Problem statement:
In the records that follow, the lines from the one containing "Lemma g0 : g 0 = 0." to the one containing "Proof. by rewrite gamDl", inclusive, are to be given again exactly.

Data listing:

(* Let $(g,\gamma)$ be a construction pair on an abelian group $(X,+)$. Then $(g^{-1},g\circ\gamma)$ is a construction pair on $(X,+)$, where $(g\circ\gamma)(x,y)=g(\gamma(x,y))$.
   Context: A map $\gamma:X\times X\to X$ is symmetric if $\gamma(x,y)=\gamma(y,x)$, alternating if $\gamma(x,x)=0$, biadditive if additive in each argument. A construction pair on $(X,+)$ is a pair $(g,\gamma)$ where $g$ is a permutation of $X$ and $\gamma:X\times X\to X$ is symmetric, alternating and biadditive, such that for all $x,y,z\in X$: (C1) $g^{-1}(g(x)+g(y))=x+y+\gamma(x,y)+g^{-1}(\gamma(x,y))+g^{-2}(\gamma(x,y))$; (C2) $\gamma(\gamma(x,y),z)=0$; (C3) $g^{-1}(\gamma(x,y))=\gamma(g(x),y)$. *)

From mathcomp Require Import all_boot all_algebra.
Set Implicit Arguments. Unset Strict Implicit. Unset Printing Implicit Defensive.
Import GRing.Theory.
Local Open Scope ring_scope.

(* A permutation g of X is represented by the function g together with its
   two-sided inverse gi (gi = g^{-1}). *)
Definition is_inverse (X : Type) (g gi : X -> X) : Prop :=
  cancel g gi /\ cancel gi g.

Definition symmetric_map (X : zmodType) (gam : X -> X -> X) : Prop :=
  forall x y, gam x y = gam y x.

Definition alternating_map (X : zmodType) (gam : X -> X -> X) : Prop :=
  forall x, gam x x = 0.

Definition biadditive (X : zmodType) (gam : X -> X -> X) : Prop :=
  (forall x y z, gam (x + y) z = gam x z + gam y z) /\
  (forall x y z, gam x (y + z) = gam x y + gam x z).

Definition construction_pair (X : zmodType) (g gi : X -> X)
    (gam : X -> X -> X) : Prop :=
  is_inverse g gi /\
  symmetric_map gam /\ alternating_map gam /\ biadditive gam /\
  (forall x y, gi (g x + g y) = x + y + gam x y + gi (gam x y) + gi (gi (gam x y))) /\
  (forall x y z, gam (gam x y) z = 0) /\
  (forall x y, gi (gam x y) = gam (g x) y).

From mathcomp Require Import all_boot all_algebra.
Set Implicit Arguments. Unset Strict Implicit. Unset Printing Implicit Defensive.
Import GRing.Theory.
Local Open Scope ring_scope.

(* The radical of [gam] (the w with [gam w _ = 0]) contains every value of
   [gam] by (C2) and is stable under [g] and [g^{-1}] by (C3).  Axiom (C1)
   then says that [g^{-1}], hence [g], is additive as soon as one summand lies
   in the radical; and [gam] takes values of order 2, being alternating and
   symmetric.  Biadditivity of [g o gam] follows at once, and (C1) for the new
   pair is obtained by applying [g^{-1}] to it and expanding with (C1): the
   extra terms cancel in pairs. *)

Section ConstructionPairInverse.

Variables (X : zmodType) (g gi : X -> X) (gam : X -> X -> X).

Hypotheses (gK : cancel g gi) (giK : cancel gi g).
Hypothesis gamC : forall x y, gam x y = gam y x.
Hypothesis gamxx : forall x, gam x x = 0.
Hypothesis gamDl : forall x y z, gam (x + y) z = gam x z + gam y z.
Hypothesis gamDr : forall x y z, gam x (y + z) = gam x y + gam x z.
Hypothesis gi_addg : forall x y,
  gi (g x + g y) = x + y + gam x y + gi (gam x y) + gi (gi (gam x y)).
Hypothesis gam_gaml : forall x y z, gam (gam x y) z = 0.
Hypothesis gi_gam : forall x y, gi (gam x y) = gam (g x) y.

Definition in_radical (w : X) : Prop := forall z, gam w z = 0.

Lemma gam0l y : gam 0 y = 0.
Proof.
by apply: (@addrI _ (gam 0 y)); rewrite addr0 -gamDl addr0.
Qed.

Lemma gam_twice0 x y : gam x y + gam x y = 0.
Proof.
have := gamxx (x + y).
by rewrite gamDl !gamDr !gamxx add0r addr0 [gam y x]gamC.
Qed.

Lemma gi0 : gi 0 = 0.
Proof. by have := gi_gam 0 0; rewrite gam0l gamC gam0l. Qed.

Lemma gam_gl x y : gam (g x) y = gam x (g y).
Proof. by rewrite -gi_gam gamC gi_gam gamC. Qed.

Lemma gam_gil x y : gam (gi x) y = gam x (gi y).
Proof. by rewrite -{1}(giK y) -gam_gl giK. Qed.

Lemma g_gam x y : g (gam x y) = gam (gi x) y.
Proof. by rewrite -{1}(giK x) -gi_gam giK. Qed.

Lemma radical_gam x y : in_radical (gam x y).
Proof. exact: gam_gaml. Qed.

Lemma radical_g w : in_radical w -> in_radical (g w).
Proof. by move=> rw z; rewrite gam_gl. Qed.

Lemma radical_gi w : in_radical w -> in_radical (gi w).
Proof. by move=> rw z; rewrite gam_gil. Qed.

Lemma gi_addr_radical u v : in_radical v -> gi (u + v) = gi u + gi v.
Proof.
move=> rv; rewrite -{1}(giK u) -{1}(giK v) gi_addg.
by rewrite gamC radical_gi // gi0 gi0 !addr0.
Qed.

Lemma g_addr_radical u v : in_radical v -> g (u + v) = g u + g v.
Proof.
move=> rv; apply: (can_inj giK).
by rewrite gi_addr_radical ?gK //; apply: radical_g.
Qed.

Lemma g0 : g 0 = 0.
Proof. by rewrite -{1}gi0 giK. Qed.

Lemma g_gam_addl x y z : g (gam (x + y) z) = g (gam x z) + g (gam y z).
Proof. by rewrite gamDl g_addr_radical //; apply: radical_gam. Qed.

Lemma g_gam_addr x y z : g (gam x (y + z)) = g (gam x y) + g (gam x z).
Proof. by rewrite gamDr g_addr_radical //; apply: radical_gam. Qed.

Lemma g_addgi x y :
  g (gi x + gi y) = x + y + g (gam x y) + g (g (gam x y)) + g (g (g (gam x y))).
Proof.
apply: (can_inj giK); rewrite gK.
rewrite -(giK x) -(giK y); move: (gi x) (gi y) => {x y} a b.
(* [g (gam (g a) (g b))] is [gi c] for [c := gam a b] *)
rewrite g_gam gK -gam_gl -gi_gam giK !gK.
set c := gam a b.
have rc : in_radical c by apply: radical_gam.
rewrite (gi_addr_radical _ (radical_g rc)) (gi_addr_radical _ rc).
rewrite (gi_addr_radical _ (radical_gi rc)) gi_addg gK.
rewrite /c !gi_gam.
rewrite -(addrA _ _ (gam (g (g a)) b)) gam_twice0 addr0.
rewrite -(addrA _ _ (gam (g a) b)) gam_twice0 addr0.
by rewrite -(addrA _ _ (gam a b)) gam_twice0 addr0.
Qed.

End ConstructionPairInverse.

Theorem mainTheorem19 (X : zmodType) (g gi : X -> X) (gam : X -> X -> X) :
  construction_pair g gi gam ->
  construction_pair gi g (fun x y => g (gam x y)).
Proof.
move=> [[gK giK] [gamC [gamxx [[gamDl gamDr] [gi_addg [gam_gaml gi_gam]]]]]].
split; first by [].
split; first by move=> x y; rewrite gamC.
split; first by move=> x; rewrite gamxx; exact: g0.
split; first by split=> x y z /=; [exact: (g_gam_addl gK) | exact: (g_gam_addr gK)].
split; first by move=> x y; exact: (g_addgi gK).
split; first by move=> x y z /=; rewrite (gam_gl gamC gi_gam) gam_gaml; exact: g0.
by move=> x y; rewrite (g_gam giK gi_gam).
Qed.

Written solution:
Lemma g0 : g 0 = 0.
Proof. by rewrite -{1}gi0 giK. Qed.

Lemma g_gam_addl x y z : g (gam (x + y) z) = g (gam x z) + g (gam y z).
Proof. by rewrite gamDl g_addr_radical //; apply: radical_gam. Qed.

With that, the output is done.